BRI reaches for the sky

Meanwhile, BRI stands out for its efforts to reach out to the most remote Indonesian islands. “BRI is often the only bank that exists in some parts of Indonesia,” says Liana Lim, a partner at KPMG Indonesia.

Poor connectivity in the country was limiting BRI’s reach so the bank bought a private satellite, BRIsat, which provides secure banking communication to link up all BRI outlets and more than 50 million BRI customers across the country. 

“Usually telcos and governments are the ones that invest in satellite technology. [But the purchase now means that] BRI does not rely on telecoms companies for connection,” says Ms Lim. The satellite purchase will also cut costs, as before it bought BRIsat the bank rented transponders from commercial satellite providers to have national coverage.

BRI’s connectivity drive also involves 'floating banks', or boats that visit the smallest islands in the country each week. As well as being fully fledged branches, they include libraries for children and medical consultation practices. In February 2017, BRI launched two new boats in the presence of Indonesian president Joko Widodo, taking its fleet to three.

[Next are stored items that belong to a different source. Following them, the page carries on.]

(* Consider $\min_{x\in\mathbb{R}^p,z\in\mathbb{R}^N}F(x,z):=f(x,z)+g(x)+h(z)$, where: (i) $f$ is differentiable with $M$-Lipschitz joint gradient, i.e. $\|(\nabla_xf(x_1,z_1)-\nabla_xf(x_2,z_2),\nabla_zf(x_1,z_1)-\nabla_zf(x_2,z_2))\|\le M\|(x_1-x_2,z_1-z_2)\|$ for all arguments and some $M>0$, and $g:\mathbb{R}^p\to\mathbb{R}\cup\{\infty\}$, $h:\mathbb{R}^N\to\mathbb{R}\cup\{\infty\}$ are proper, lower semicontinuous and directionally differentiable; (ii) $F$ is bounded below; (iii) $g$ and $h$ are prox-bounded, i.e. $g+\frac\eta2\|\cdot\|^2$ and $h+\frac\eta2\|\cdot\|^2$ are bounded below for some $\eta>0$. Let $\{(x_t,z_t,\eta_t^x,\eta_t^z):t\ge0\}$ be generated by the following algorithm (GPALM), run indefinitely: fix an integer $r\ge1$, $\rho_1,\rho_2>1$, $\sigma_1,\sigma_2\in(0,1)$, $0<\underline\eta\le\overline\eta$, a starting point $(x_0,z_0)$, and $\hat\eta_0^x=\hat\eta_0^z=1$. At iteration $t$, for $l=0,1,2,\dots$ set $\eta_t^x=\rho_1^l\hat\eta_t^x$, $\eta_t^z=\rho_2^l\hat\eta_t^z$ and compute $$x_{t+1}\in\operatorname{Prox}_{g/\eta_t^x}\Big(x_t-\tfrac1{\eta_t^x}\nabla_xf(x_t,z_t)\Big),\quad z_{t+1}\in\operatorname{Prox}_{h/\eta_t^z}\Big(z_t-\tfrac1{\eta_t^z}\nabla_zf(x_{t+1},z_t)\Big),$$ stopping at the first $l$ for which $$F(x_{t+1},z_{t+1})\le\max\{F(x_{t-r+1},z_{t-r+1}),\dots,F(x_t,z_t)\}-\tfrac{\sigma_1}2\eta_t^x\|x_{t+1}-x_t\|^2-\tfrac{\sigma_2}2\eta_t^z\|z_{t+1}-z_t\|^2$$ (only indices $\ge0$ in the maximum). Then set $$\hat\eta_{t+1}^x=\min\Big\{\overline\eta,\max\Big\{\underline\eta,\tfrac{\langle x_{t+1}-x_t,\nabla_xf(x_{t+1},z_{t+1})-\nabla_xf(x_t,z_t)\rangle}{\|x_{t+1}-x_t\|^2}\Big\}\Big\},$$ $$\hat\eta_{t+1}^z=\min\Big\{\overline\eta,\max\Big\{\underline\eta,\tfrac{\langle z_{t+1}-z_t,\nabla_zf(x_{t+1},z_{t+1})-\nabla_zf(x_{t+1},z_t)\rangle}{\|z_{t+1}-z_t\|^2}\Big\}\Big\}.$$ If the generated sequence $\{(x_t,z_t)\}$ is bounded and $F$ is continuous on a compact set containing the sequence, then any accumulation point of $\{(x_t,z_t)\}$ is a d-stationary point of $F$.
   Context: $\|\cdot\|$ is the Euclidean norm. $\operatorname{Prox}_{\phi/\eta}(y):=\operatorname{argmin}_u\{\tfrac1\eta\phi(u)+\tfrac12\|u-y\|^2\}$. The directional derivative of $F$ at $(x,z)$ in direction $(d_x,d_z)$ is $F'(x,z;d_x,d_z):=\lim_{\tau\to+0}\frac{F(x+\tau d_x,z+\tau d_z)-F(x,z)}{\tau}$ (possibly $+\infty$). A point $(x^*,z^* )$ is d-stationary for $F$ if $F$ is directionally differentiable there and $F'(x^*,z^*;d_x,d_z)\ge0$ for all $(d_x,d_z)\in\mathbb{R}^p\times\mathbb{R}^N$. *)

(* MathComp + MathComp-Analysis, scalars R : realType,
   vectors of R^p are row vectors 'rV[R]_p, the Euclidean structure is
   defined explicitly below (the library's default norm on matrices is the
   max-norm, which we only use for the topology, equivalent in finite dim). *)
From HB Require Import structures.
From mathcomp Require Import all_boot all_order all_algebra.
From mathcomp Require Import all_classical all_reals all_analysis.
Set Implicit Arguments. Unset Strict Implicit. Unset Printing Implicit Defensive.
Import Order.TTheory GRing.Theory Num.Theory.
Import numFieldNormedType.Exports.
Local Open Scope classical_set_scope.
Local Open Scope ring_scope.
(* Let $A,B$ be non-trivial finitely generated left-orderable groups. Then $G=A*B$ is Hucha with respect to the family consisting of $A$, $B$ and all cyclic subgroups of $G$.
   Context: A positive cone is a subsemigroup $P$ with $G=P\sqcup P^{-1}\sqcup\{1\}$. For a finite generating set $X$ with word metric $d_X$, an $r$-path is a sequence $g_0,\dots,g_n$ with $d_X(g_i,g_{i+1})\le r$; $S$ $r$-disconnects $H_1,H_2$ if every $r$-path from $H_1$ to $H_2$ meets $S$, and $r$-disconnects $P$ if it $r$-disconnects $\{u\},\{v\}$ for some $u,v\in P$. A negative swamp of width $r$ for a subgroup $H$ is $S\subseteq P^{-1}$ that $r$-disconnects $P$ and $r$-disconnects $g_1H,g_2H$ for some $g_1,g_2\in G$. A finitely generated left-orderable group $G$ is Hucha with respect to a family $\mathcal{H}$ of subgroups if for some (equivalently any) finite generating set, for every positive cone $P$, every $H\in\mathcal{H}$ and every $r>0$ there is a negative swamp of width $r$ for $H$. *)

From Stdlib Require Import List.
Import ListNotations.

Set Implicit Arguments.
Unset Strict Implicit.

Record group := Group {
  carrier :> Type;
  mul : carrier -> carrier -> carrier;
  inv : carrier -> carrier;
  one : carrier;
  mulA : forall x y z, mul x (mul y z) = mul (mul x y) z;
  mul1g : forall x, mul one x = x;
  mulg1 : forall x, mul x one = x;
  mulVg : forall x, mul (inv x) x = one;
  mulgV : forall x, mul x (inv x) = one
}.

Arguments mul {g}.
Arguments inv {g}.
Arguments one {g}.

Definition is_hom (G H : group) (f : G -> H) : Prop :=
  forall x y : G, f (mul x y) = mul (f x) (f y).

Fixpoint prodw (G : group) (w : list G) : G :=
  match w with
  | nil => one
  | x :: w' => mul x (@prodw G w')
  end.

Definition letter (G : group) (X : list G) (a : G) : Prop :=
  In a X \/ exists x, In x X /\ a = inv x.

Definition generates (G : group) (X : list G) : Prop :=
  forall g : G, exists w : list G, Forall (letter X) w /\ prodw w = g.

Definition finitely_generated (G : group) : Prop :=
  exists X : list G, generates X.

Definition nontrivial (G : group) : Prop := exists a : G, a <> one.

Definition positive_cone (G : group) (P : G -> Prop) : Prop :=
  (forall x y, P x -> P y -> P (mul x y)) /\
  (forall g : G,
     (P g /\ ~ P (inv g) /\ g <> one) \/
     (~ P g /\ P (inv g) /\ g <> one) \/
     (~ P g /\ ~ P (inv g) /\ g = one)).

Definition left_orderable (G : group) : Prop :=
  exists P : G -> Prop, positive_cone P.

(** word metric: d_X(g,h) <= r  iff  g^{-1} h is a product of at most r
    letters from X ∪ X^{-1} *)
Definition dist_le (G : group) (X : list G) (r : nat) (g h : G) : Prop :=
  exists w : list G, Forall (letter X) w /\ length w <= r /\ mul g (prodw w) = h.

Fixpoint chain (T : Type) (R : T -> T -> Prop) (x : T) (l : list T) : Prop :=
  match l with
  | nil => True
  | y :: l' => R x y /\ @chain T R y l'
  end.

Definition r_disconnects (G : group) (X : list G) (r : nat)
  (S H1 H2 : G -> Prop) : Prop :=
  forall (x : G) (l : list G),
    H1 x -> H2 (last l x) -> chain (dist_le X r) x l ->
    S x \/ Exists S l.

Definition r_disconnects_cone (G : group) (X : list G) (r : nat)
  (S P : G -> Prop) : Prop :=
  exists u v : G, P u /\ P v /\
    r_disconnects X r S (fun g => g = u) (fun g => g = v).

Definition lcoset (G : group) (g : G) (H : G -> Prop) : G -> Prop :=
  fun x => exists h, H h /\ x = mul g h.

Definition negative_swamp (G : group) (X : list G) (P : G -> Prop)
  (H : G -> Prop) (r : nat) (S : G -> Prop) : Prop :=
  (forall s, S s -> P (inv s)) /\
  r_disconnects_cone X r S P /\
  exists g1 g2 : G, r_disconnects X r S (lcoset g1 H) (lcoset g2 H).

Definition Hucha (G : group) (Fam : (G -> Prop) -> Prop) : Prop :=
  forall X : list G, generates X ->
  forall P : G -> Prop, positive_cone P ->
  forall H : G -> Prop, Fam H ->
  forall r : nat, 0 < r ->
  exists S : G -> Prop, negative_swamp X P H r S.

Definition is_free_product (A B G : group) (iA : A -> G) (iB : B -> G) : Prop :=
  is_hom iA /\ is_hom iB /\
  forall (K : group) (f : A -> K) (g : B -> K), is_hom f -> is_hom g ->
    (exists h : G -> K, is_hom h /\ (forall a, h (iA a) = f a) /\
                        (forall b, h (iB b) = g b)) /\
    (forall h1 h2 : G -> K, is_hom h1 -> is_hom h2 ->
       (forall a, h1 (iA a) = f a) -> (forall b, h1 (iB b) = g b) ->
       (forall a, h2 (iA a) = f a) -> (forall b, h2 (iB b) = g b) ->
       forall x, h1 x = h2 x).

Fixpoint expn (G : group) (g : G) (n : nat) : G :=
  match n with O => one | S n' => mul g (@expn G g n') end.

Definition cyclic_subgroup (G : group) (g : G) : G -> Prop :=
  fun x => exists n : nat, x = expn g n \/ x = inv (expn g n).

Definition image (T : Type) (G : group) (f : T -> G) : G -> Prop :=
  fun x => exists t, x = f t.

Definition same_set (G : group) (H K : G -> Prop) : Prop := forall x, H x <-> K x.

Definition free_prod_family (A B G : group) (iA : A -> G) (iB : B -> G)
  (H : G -> Prop) : Prop :=
  same_set H (image iA) \/ same_set H (image iB) \/
  exists g : G, same_set H (cyclic_subgroup g).

(* Reduced words are normal forms in [A * B]; the action of [G] on them comes from
   the universal property (van der Waerden's trick).  Let [Z] be the set of elements
   whose normal form starts with a syllable of [A].  If [z] is in [Z] but [z y] is not,
   then [z^-1] is a prefix of the normal form of [y], so the points of [Z] with an
   [r]-neighbour outside [Z] form a finite set [F].  Given a positive cone, take [t]
   above every element of [F] in the left order: then [t^-1 F] is negative and
   [r]-disconnects [t^-1 Z] from its complement.  Both sides meet the cone, and for
   [H] = [A], [B] or a cyclic subgroup, some left coset of [H] lies in [Z] and another
   outside it.  For [<c>] this holds because all nontrivial powers of [c] have normal
   forms starting with the first syllable of [c] or of [c^-1], which uses that [A] and
   [B] are torsion-free, as left-orderable groups are. *)

From Stdlib Require Import List Arith Lia Classical ClassicalEpsilon
  ProofIrrelevance FunctionalExtensionality.
Import ListNotations.

Section GroupTheory.
Context {G : group}.
Implicit Types x y z : G.

Lemma mulKg x y : mul (inv x) (mul x y) = y.
Proof. rewrite mulA, mulVg, mul1g; reflexivity. Qed.

Lemma mulKVg x y : mul x (mul (inv x) y) = y.
Proof. rewrite mulA, mulgV, mul1g; reflexivity. Qed.

Lemma mulgI x y z : mul x y = mul x z -> y = z.
Proof. intro E. rewrite <- (mulKg x y), E, mulKg; reflexivity. Qed.

Lemma mulIg x y z : mul y x = mul z x -> y = z.
Proof.
  intro E. rewrite <- (mulg1 y), <- (mulgV x), mulA, E, <- mulA, mulgV, mulg1.
  reflexivity.
Qed.

Lemma invgK x : inv (inv x) = x.
Proof. apply (mulgI (inv x)). rewrite mulgV, mulVg; reflexivity. Qed.

Lemma invMg x y : inv (mul x y) = mul (inv y) (inv x).
Proof.
  apply (mulgI (mul x y)).
  rewrite mulgV, <- mulA, (mulA y), mulgV, mul1g, mulgV; reflexivity.
Qed.

Lemma invg1 : inv (@one G) = one.
Proof. rewrite <- (mul1g (inv one)), mulgV; reflexivity. Qed.

Lemma mulgK x y : mul (mul y x) (inv x) = y.
Proof. rewrite <- mulA, mulgV, mulg1; reflexivity. Qed.

Lemma mulg_eq1 x y : mul x y = one -> x = inv y.
Proof. intro E. apply (mulIg y). rewrite E, mulVg; reflexivity. Qed.

Lemma invg_eq1 x : inv x = one -> x = one.
Proof. intro E. rewrite <- (invgK x), E, invg1; reflexivity. Qed.

Lemma conjg_eq1 c x : mul (inv x) (mul c x) = one -> c = one.
Proof.
  intro E. apply (mulIg x). rewrite mul1g. apply (mulgI (inv x)).
  rewrite E, mulVg; reflexivity.
Qed.

Lemma expnSr x n : expn x (S n) = mul (expn x n) x.
Proof.
  induction n as [|n IH]; simpl in *.
  - rewrite mulg1, mul1g; reflexivity.
  - rewrite IH at 1. rewrite mulA; reflexivity.
Qed.

Lemma expnD x m n : expn x (m + n) = mul (expn x m) (expn x n).
Proof.
  induction m as [|m IH]; simpl.
  - rewrite mul1g; reflexivity.
  - rewrite IH, mulA; reflexivity.
Qed.

Lemma expn1g n : expn (@one G) n = one.
Proof. induction n as [|n IH]; simpl; [|rewrite IH, mulg1]; reflexivity. Qed.

Lemma expnV x n : expn (inv x) n = inv (expn x n).
Proof.
  induction n as [|n IH].
  - simpl. rewrite invg1; reflexivity.
  - rewrite expnSr. simpl. rewrite invMg, IH; reflexivity.
Qed.

Lemma expn_conjg x e n :
  expn (mul x (mul e (inv x))) n = mul x (mul (expn e n) (inv x)).
Proof.
  induction n as [|n IH]; simpl.
  - rewrite mul1g, mulgV; reflexivity.
  - rewrite IH, !mulA. f_equal. rewrite <- !mulA. do 2 f_equal.
    rewrite mulA, mulVg, mul1g; reflexivity.
Qed.

Lemma expn_infinite_order_avoid x0 x1 x2 :
  (forall n, expn x0 (S n) <> one) -> exists x, x <> one /\ x <> x1 /\ x <> x2.
Proof.
  intros Hne.
  assert (Hpow : forall m n, m < n -> expn x0 (S m) <> expn x0 (S n)).
  { intros m n lt E. apply (Hne (n - m - 1)). apply (mulgI (expn x0 (S m))).
    rewrite <- expnD, mulg1. replace (S m + S (n - m - 1)) with (S n) by lia.
    symmetry; exact E. }
  destruct (classic (expn x0 1 = x1 \/ expn x0 1 = x2)) as [E1|E1];
    [|exists (expn x0 1); split; [apply Hne|tauto]].
  destruct (classic (expn x0 2 = x1 \/ expn x0 2 = x2)) as [E2|E2];
    [|exists (expn x0 2); split; [apply Hne|tauto]].
  destruct (classic (expn x0 3 = x1 \/ expn x0 3 = x2)) as [E3|E3];
    [|exists (expn x0 3); split; [apply Hne|tauto]].
  exfalso. pose proof (Hpow 0 1) as D01. pose proof (Hpow 0 2) as D02.
  pose proof (Hpow 1 2) as D12.
  destruct E1 as [E1|E1], E2 as [E2|E2], E3 as [E3|E3]; subst;
    [apply D01|apply D01|apply D02|apply D12|apply D12|apply D02|apply D01|apply D01];
    auto; lia.
Qed.

End GroupTheory.

Definition torsion_free (G : group) : Prop :=
  forall x : G, x <> one -> forall n, expn x (S n) <> one.

Section Homomorphisms.
Context {G K : group} (f : G -> K) (hom_f : is_hom f).

Lemma hom1 : f one = one.
Proof. apply (mulgI (f one)). rewrite <- hom_f, !mulg1; reflexivity. Qed.

Lemma homV x : f (inv x) = inv (f x).
Proof.
  apply (mulgI (f x)). rewrite <- hom_f, !mulgV. exact hom1.
Qed.

Lemma hom_expn x n : f (expn x n) = expn (f x) n.
Proof. induction n as [|n IH]; simpl; [exact hom1|rewrite hom_f, IH; reflexivity]. Qed.

End Homomorphisms.

Section PositiveCone.
Context {G : group} {P : G -> Prop} (coneP : positive_cone P).

Lemma cone_mul x y : P x -> P y -> P (mul x y).
Proof. apply (proj1 coneP). Qed.

Lemma cone_not1 : ~ P one.
Proof. destruct (proj2 coneP one) as [(_&_&H)|[(H&_)|(H&_)]]; tauto. Qed.

Lemma cone_total x : x <> one -> P x \/ P (inv x).
Proof. destruct (proj2 coneP x) as [(H&_)|[(_&H&_)|(_&_&H)]]; tauto. Qed.

Lemma cone_torsion_free : torsion_free G.
Proof.
  assert (Hpow : forall x, P x -> forall n, P (expn x (S n))).
  { intros x Px n. induction n as [|n IH]; simpl in *.
    - rewrite mulg1; exact Px.
    - apply cone_mul; assumption. }
  intros x nt n E. apply cone_not1.
  destruct (cone_total x nt) as [Px|Px].
  - rewrite <- E. apply Hpow, Px.
  - rewrite <- invg1, <- E, <- expnV. apply Hpow, Px.
Qed.

(* An upper bound of [l] for the left order [x < y <-> P (x^-1 y)]. *)
Lemma cone_upper_bound (l : list G) : (exists p, P p) ->
  exists t, forall q, In q l -> P (mul (inv q) t).
Proof.
  intros [p Pp]. induction l as [|a l [t Ht]]; [exists one; simpl; tauto|].
  destruct (classic (mul (inv a) t = one)) as [E|E].
  - exists (mul t p). intros q [<-|Hq]; rewrite mulA.
    + rewrite E, mul1g; exact Pp.
    + apply cone_mul; auto.
  - destruct (cone_total _ E) as [Pat|Pta]; [exists t; intros q [<-|Hq]; auto|].
    rewrite invMg, invgK in Pta. exists (mul a p). intros q [<-|Hq].
    + rewrite mulKg; exact Pp.
    + replace (mul (inv q) (mul a p)) with (mul (mul (inv q) t) (mul (mul (inv t) a) p))
        by (rewrite <- (mulA (inv t)), <- (mulA (inv q) t), mulKVg; reflexivity).
      apply cone_mul; [auto|apply cone_mul; assumption].
Qed.

Lemma cone_translate_into (Z : G -> Prop) (c t : G) :
  (exists p, P p) -> c <> one ->
  (forall x, ~ Z x -> Z (mul c x) /\ Z (mul (inv c) x)) ->
  exists z, Z z /\ P (mul (inv t) z).
Proof.
  intros [p Pp] nt HZ. set (x := mul t p).
  assert (Px : P (mul (inv t) x)) by (unfold x; rewrite mulKg; exact Pp).
  destruct (classic (Z x)) as [Zx|Zx]; [exists x; auto|].
  destruct (HZ x Zx) as [Zcx Zcx'].
  (* [t^-1 (c^{+-1} x) = (t^-1 x) (x^-1 c^{+-1} x)], and one of the two conjugates
     is positive. *)
  assert (Hsplit : forall d, mul (inv t) (mul d x) = mul (mul (inv t) x) (mul (inv x) (mul d x)))
    by (intro d; rewrite <- mulA, mulKVg; reflexivity).
  assert (nt' : mul (inv x) (mul c x) <> one) by (intro E; apply nt, (conjg_eq1 _ _ E)).
  destruct (cone_total _ nt') as [Pc|Pc].
  - exists (mul c x). split; [exact Zcx|]. rewrite Hsplit. apply cone_mul; assumption.
  - exists (mul (inv c) x). split; [exact Zcx'|]. rewrite Hsplit.
    apply cone_mul; [assumption|].
    rewrite !invMg, invgK, <- mulA in Pc. exact Pc.
Qed.

End PositiveCone.

Lemma last_cons_default {T : Type} (y d : T) (l : list T) : last (y :: l) d = last l y.
Proof.
  revert y d. induction l as [|z l IH]; intros y d; [reflexivity|].
  change (last (z :: l) d = last (z :: l) y). rewrite (IH z d), (IH z y). reflexivity.
Qed.

Section WordMetric.
Context {G : group} (X : list G) (r : nat).

Lemma r_disconnects_boundary (Z S H1 H2 : G -> Prop) :
  (forall x x', Z x -> ~ Z x' -> dist_le X r x x' -> S x) ->
  (forall x, H1 x -> Z x) -> (forall x, H2 x -> ~ Z x) -> r_disconnects X r S H1 H2.
Proof.
  intros Hb H1Z H2Z x l H1x H2l Ch. apply H1Z in H1x. apply H2Z in H2l.
  revert x H1x H2l Ch. induction l as [|y l IH]; [intros x Zx NZx _; contradiction|].
  intros x Zx NZl [Dxy Ch].
  rewrite last_cons_default in NZl.
  destruct (classic (Z y)) as [Zy|NZy].
  - right. destruct (IH y Zy NZl Ch); [apply Exists_cons_hd|apply Exists_cons_tl]; assumption.
  - left. exact (Hb x y Zx NZy Dxy).
Qed.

BRI’s efforts to boost financial inclusion also involve digitisation, with up to 30% of the bank’s expenses dedicated to this goal. The bank is also partnering with fintechs. “If you can’t compete, you join them,” says Asmawi Syam, who stepped down as BRI chief executive in mid-March. “As a commercial bank, Indonesian regulation does not allow us to own stakes in fintech firms directly. Due to regulatory constraints, we need to create special relationships with fintechs.”

Making friends with fintech

State-owned Bank Negara Indonesia (BNI) is taking a similar approach to competition from fintech companies. “We know that support from fintechs will be the engine for growing our digital banking,” says Panji Irawan, managing director, treasury and international at BNI.

Both BRI and BNI have organised hackathons in cities with top universities to nurture and acquire talent from tech start-ups. BNI is also in talks with the telecoms industry to boost its digital offering. “We have the customers and [telecoms companies] could bring the technology,” says Mr Irawan.

Bank Mandiri, Indonesia’s largest bank by Tier 1 capital, has sidestepped the restriction on direct investment in fintechs by setting up a venture capital unit. The unit’s most recent investment in March 2017 targeted peer-to-peer (P2P) lender Amartha, which provides financing to groups of women in rural areas. “If [Amartha’s] model works, they can elevate it to Mandiri itself and go nationwide. This is a good example of how [fintech] experimentation can eventually be absorbed by banks,” says Ajisatria Suleiman, executive director at Indonesia Fintech Association.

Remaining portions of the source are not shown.